/---
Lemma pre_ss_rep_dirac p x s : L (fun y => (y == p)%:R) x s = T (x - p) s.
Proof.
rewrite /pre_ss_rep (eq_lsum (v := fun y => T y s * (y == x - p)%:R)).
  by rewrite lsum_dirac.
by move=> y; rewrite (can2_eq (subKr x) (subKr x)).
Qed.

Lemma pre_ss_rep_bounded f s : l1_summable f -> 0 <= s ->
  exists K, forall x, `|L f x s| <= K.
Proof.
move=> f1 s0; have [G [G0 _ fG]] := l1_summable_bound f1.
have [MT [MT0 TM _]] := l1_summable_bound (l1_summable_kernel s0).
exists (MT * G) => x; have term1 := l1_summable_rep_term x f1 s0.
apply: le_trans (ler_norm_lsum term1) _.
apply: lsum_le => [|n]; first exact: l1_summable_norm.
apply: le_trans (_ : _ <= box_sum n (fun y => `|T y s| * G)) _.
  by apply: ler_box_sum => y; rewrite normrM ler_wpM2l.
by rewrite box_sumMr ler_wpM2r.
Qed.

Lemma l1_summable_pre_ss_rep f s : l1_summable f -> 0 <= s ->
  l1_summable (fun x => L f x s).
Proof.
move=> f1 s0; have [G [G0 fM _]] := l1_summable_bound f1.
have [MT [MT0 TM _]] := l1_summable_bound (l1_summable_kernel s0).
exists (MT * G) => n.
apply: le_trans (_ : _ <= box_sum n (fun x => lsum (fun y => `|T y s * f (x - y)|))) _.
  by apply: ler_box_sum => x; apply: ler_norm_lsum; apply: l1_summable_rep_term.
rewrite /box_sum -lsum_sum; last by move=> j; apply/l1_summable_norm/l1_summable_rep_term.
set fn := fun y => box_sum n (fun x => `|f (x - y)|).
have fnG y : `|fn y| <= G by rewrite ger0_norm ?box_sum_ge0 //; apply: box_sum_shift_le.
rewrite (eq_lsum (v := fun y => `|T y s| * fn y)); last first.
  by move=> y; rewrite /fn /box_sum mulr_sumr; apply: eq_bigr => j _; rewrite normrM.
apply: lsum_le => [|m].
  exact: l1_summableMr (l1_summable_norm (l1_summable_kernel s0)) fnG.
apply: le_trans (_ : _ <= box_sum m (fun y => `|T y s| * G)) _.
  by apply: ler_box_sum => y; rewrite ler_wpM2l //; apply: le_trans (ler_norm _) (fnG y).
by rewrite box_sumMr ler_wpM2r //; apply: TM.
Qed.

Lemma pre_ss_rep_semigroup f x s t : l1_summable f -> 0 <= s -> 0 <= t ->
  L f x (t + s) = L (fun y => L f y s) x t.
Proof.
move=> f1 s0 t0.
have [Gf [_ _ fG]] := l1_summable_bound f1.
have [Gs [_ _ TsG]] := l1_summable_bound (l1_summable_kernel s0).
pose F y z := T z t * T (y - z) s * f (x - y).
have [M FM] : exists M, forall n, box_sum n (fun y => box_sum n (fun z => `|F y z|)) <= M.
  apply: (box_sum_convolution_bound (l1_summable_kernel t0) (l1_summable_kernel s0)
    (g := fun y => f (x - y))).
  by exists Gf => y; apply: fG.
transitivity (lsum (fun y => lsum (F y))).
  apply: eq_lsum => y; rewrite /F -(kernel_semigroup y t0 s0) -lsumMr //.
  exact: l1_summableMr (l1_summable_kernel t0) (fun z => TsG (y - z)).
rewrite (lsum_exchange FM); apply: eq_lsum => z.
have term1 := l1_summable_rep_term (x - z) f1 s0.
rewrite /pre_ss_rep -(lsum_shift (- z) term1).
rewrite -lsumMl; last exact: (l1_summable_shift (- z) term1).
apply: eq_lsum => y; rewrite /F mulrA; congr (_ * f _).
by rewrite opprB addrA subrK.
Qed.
\---
## THE TASK
Please return the lines above that run from the line containing "rewrite (eq_lsum (v" to the line containing "transitivity (lsum (fun y => lsum (F y))).", inclusive, exactly and with no other lines.

## TASK SOLUTION
rewrite (eq_lsum (v := fun y => `|T y s| * fn y)); last first.
  by move=> y; rewrite /fn /box_sum mulr_sumr; apply: eq_bigr => j _; rewrite normrM.
apply: lsum_le => [|m].
  exact: l1_summableMr (l1_summable_norm (l1_summable_kernel s0)) fnG.
apply: le_trans (_ : _ <= box_sum m (fun y => `|T y s| * G)) _.
  by apply: ler_box_sum => y; rewrite ler_wpM2l //; apply: le_trans (ler_norm _) (fnG y).
by rewrite box_sumMr ler_wpM2r //; apply: TM.
Qed.

Lemma pre_ss_rep_semigroup f x s t : l1_summable f -> 0 <= s -> 0 <= t ->
  L f x (t + s) = L (fun y => L f y s) x t.
Proof.
move=> f1 s0 t0.
have [Gf [_ _ fG]] := l1_summable_bound f1.
have [Gs [_ _ TsG]] := l1_summable_bound (l1_summable_kernel s0).
pose F y z := T z t * T (y - z) s * f (x - y).
have [M FM] : exists M, forall n, box_sum n (fun y => box_sum n (fun z => `|F y z|)) <= M.
  apply: (box_sum_convolution_bound (l1_summable_kernel t0) (l1_summable_kernel s0)
    (g := fun y => f (x - y))).
  by exists Gf => y; apply: fG.
transitivity (lsum (fun y => lsum (F y))).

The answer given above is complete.